Build an adapter with a named theorem-prover backend.

verify_formula 

verify_formula(*, formula: Formula, risk_envelope: RiskEnvelope, policy_id: str, evidence_ref: str) -> FormalCodeVerificationResult

Verify a formula without treating backend absence as success.

verify_code 

verify_code(*, code: str, risk_envelope: RiskEnvelope, policy_id: str, evidence_ref: str, language: str = 'python', known_modules: set[str] | None = None, api_manifest: dict[str, set[str]] | None = None) -> FormalCodeVerificationResult

Verify code structurally without executing it.

verify_code_contract 

verify_code_contract(*, code: str, contract: Formula, risk_envelope: RiskEnvelope, policy_id: str, evidence_ref: str, language: str = 'python', known_modules: set[str] | None = None, api_manifest: dict[str, set[str]] | None = None) -> FormalCodeVerificationResult

Verify generated code structurally, then verify its formal contract.

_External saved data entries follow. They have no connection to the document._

(* If the
   reflected chain started strictly before (or after) the original one, it would
   stay so for M more steps, but M steps later the two chains have swapped roles. *)
Lemma opposite_vertex (j : nat) : th (j + M)%nat = th j + PI.
Proof.
  destruct caustic_inside as [Hlb Hla].
  assert (Hback : th (j + M + M)%nat = th j + 2 * PI)
    by (replace (j + M + M)%nat with (j + N)%nat by lia; apply Hper).
  destruct (Rtotal_order (th (j + M)%nat - PI) (th j)) as [Hlt|[Heq|Hgt]]; [exfalso| lra |exfalso].
  - pose proof (tangent_chains_ordered a b al be _ _ j Ha Hb Hal Hbe Hla Hlb
                  reflected_vertex_chain vertex_chain Hlt M); cbn beta in *; lra.
  - pose proof (tangent_chains_ordered a b al be _ _ j Ha Hb Hal Hbe Hla Hlb
                  vertex_chain reflected_vertex_chain Hgt M); cbn beta in *; lra.
Qed.

Lemma outer_vertex_opposite (Q : nat -> pt) :
  (forall i, on_tangent_line a b (ell_pt a b (th i)) (Q i) /\
             on_tangent_line a b (ell_pt a b (th (S i))) (Q i)) ->
  forall i, Q (i + M)%nat = negp (Q i).
Proof.
  intros HQ i; destruct (HQ (i + M)%nat) as [H1 H2], (HQ i) as [H3 H4].
  apply (tangent_lines_meet_once a b (ell_pt a b (th (i + M)%nat)) (ell_pt a b (th (S (i + M)))));
    auto.
  - rewrite ell_pt_normals_cross by auto.
    pose proof (Hinc (i + M)%nat); pose proof (arc_lt_PI (i + M)).
    assert (0 < sin (th (S (i + M)) - th (i + M)%nat)) by (apply sin_gt_0; lra).
    assert (0 < a * b) by (apply Rmult_lt_0_compat; lra).
    apply Rgt_not_eq, Rdiv_lt_0_compat; assumption.
  - rewrite opposite_vertex, ell_pt_add_PI; apply on_tangent_negp, H3.
  - replace (S (i + M)) with (S i + M)%nat by lia.
    rewrite opposite_vertex, ell_pt_add_PI; apply on_tangent_negp, H4.
Qed.

End BilliardSymmetry.

Theorem mainTheorem5 (a b : R) (N : nat) (P Q : nat -> pt) :
  a > b -> b > 0 ->
  (4 <= N)%nat -> Nat.Even N ->
  billiard_trajectory a b N P ->
  (forall i, on_tangent_line a b (P i) (Q i) /\ on_tangent_line a b (P (S i)) (Q i)) ->
  signed_area N (fun i => invert (foc1 a b) (Q i)) =
  signed_area N (fun i => invert (foc2 a b) (Q i)).
Proof.
  intros Hab Hb HN [M HM] Htraj HQ.
  destruct Htraj as [_ [_ [_ [[th [Hinc [Hper HP]]] [_ [al [be [Habe [Hbe [Hconf Htan]]]]]]]]]].
  assert (HPth : forall i, P i = ell_pt a b (th i)) by exact HP.
  rewrite foc2_negp; apply (inversion_areas_symmetric N M); [lia | lia |].
  apply (outer_vertex_opposite a b al be N M th); try lra; try lia; auto.
  - intro i; rewrite <- !HPth; apply Htan.
  - intro i; rewrite <- !HPth; apply HQ.
Qed.
Lemma staircase_approx n (t : R) : (0 < n)%N -> 0 <= t <= 1 ->
  0 <= t - staircase n t <= n%:R^-1.
Proof.
move=> n0 /andP[t0 t1]; have n0' : 0 < n%:R :> R by rewrite ltr0n.
set k := Num.truncn (t * n%:R).
have /andP[kt tk] : k%:R <= t * n%:R < k.+1%:R.
  exact/truncn_itv/mulr_ge0/ltW.
have kn : (k < n.+1)%N.
  rewrite ltnS /k truncn_le_nat (@le_lt_trans _ _ n%:R) ?ltr_nat //.
  by rewrite -[leRHS]mul1r ler_wpM2r // ltW.
have indic_cell i : \1_(cell n i) t = (i == k)%:R :> R.
  rewrite indicE /k; congr (_%:R).
  have -> : (t \in cell n i) = (i%:R / n%:R <= t < i.+1%:R / n%:R).
    by apply/idP/idP => [/set_mem|?]; last apply: mem_set; rewrite /cell /= in_itv.
  by rewrite eq_sym truncn_eq ?(mulr_ge0 t0 (ltW n0')) // ler_pdivrMr // ltr_pdivlMr.
have -> : staircase n t = k%:R / n%:R.
  rewrite /staircase (bigD1 (Ordinal kn)) //= indic_cell eqxx mulr1 big1 ?addr0 //.
  move=> i ik; rewrite indic_cell; suff /negPf -> : nat_of_ord i != k by rewrite mulr0.
  by apply: contra ik => /eqP ik; apply/eqP/val_inj.
rewrite subr_ge0 ler_pdivrMr // kt /= lerBlDl.
have -> : k%:R / n%:R + n%:R^-1 = k.+1%:R / n%:R :> R by rewrite -natr1 mulrDl mul1r.
by rewrite ler_pdivlMr // ltW.
Qed.

End Staircase.

Lemma eq0_of_norm_le_divn {R : archiRealFieldType} (x c : R) :
  (forall n, (0 < n)%N -> `|x| <= c / n%:R) -> x = 0.
Proof.
move=> hx; apply/eqP/negPn/negP => x0; have x0' : 0 < `|x| by rewrite normr_gt0.
set n := (Num.truncn (c / `|x|)).+1; have n0 : 0 < n%:R :> R by rewrite ltr0n.
have := hx n isT; rewrite ler_pdivlMr // mulrC -ler_pdivlMr //.
by rewrite leNgt /n truncnS_gt.
Qed.

Lemma measurableT_preimage {d d'} {aT : measurableType d} {rT : measurableType d'}
  (f : aT -> rT) (B : set rT) :
  measurable_fun setT f -> measurable B -> measurable (f @^-1` B).
Proof. by move=> mf mB; rewrite -[f @^-1` B]setTI; exact: mf. Qed.

Section BoundedMeasurable.
Context d (Omega : measurableType d) (R : realType).
Implicit Types (A D : set Omega) (f g : Omega -> R).

Definition bounded_measurable g :=
  measurable_fun setT g /\ exists M, forall w, `|g w| <= M.

Lemma bounded_measurable_cst (c : R) : bounded_measurable (fun=> c).
Proof. by split; [exact: measurable_cst | exists `|c|]. Qed.

Lemma bounded_measurable_indic A : measurable A -> bounded_measurable \1_A.
Proof.
move=> mA; split; first exact: measurable_realfun.measurable_indic.
by exists 1 => w; rewrite indicE; case: (w \in A); rewrite ?normr1 ?normr0.
Qed.

Lemma bounded_measurable_unit g : measurable_fun setT g ->
  (forall w, 0 <= g w <= 1) -> bounded_measurable g.
Proof.
by move=> mg g01; split=> //; exists 1 => w; have /andP[g0 g1] := g01 w; rewrite ger0_norm.
Qed.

director_ai.core.formal_verification.adapter.FormalCodeVerificationResult dataclass 

FormalCodeVerificationResult(kind: str, evidence_ref: str, signal: VerifierSignal, guard_decision: GuardDecision, sandbox: Mapping[str, Any])

Tenant-safe formal/code verifier result.

to_dict 

to_dict() -> dict[str, Any]

Serialise without raw formula or source code text.

to_safety_event 

to_safety_event(*, hook_id: str, hook_scope: str = 'agent', request_id: str = '', tenant_id: str = '', latency_ms: float | None = None) -> SafetyEvent

Convert the guard decision to a shared safety event.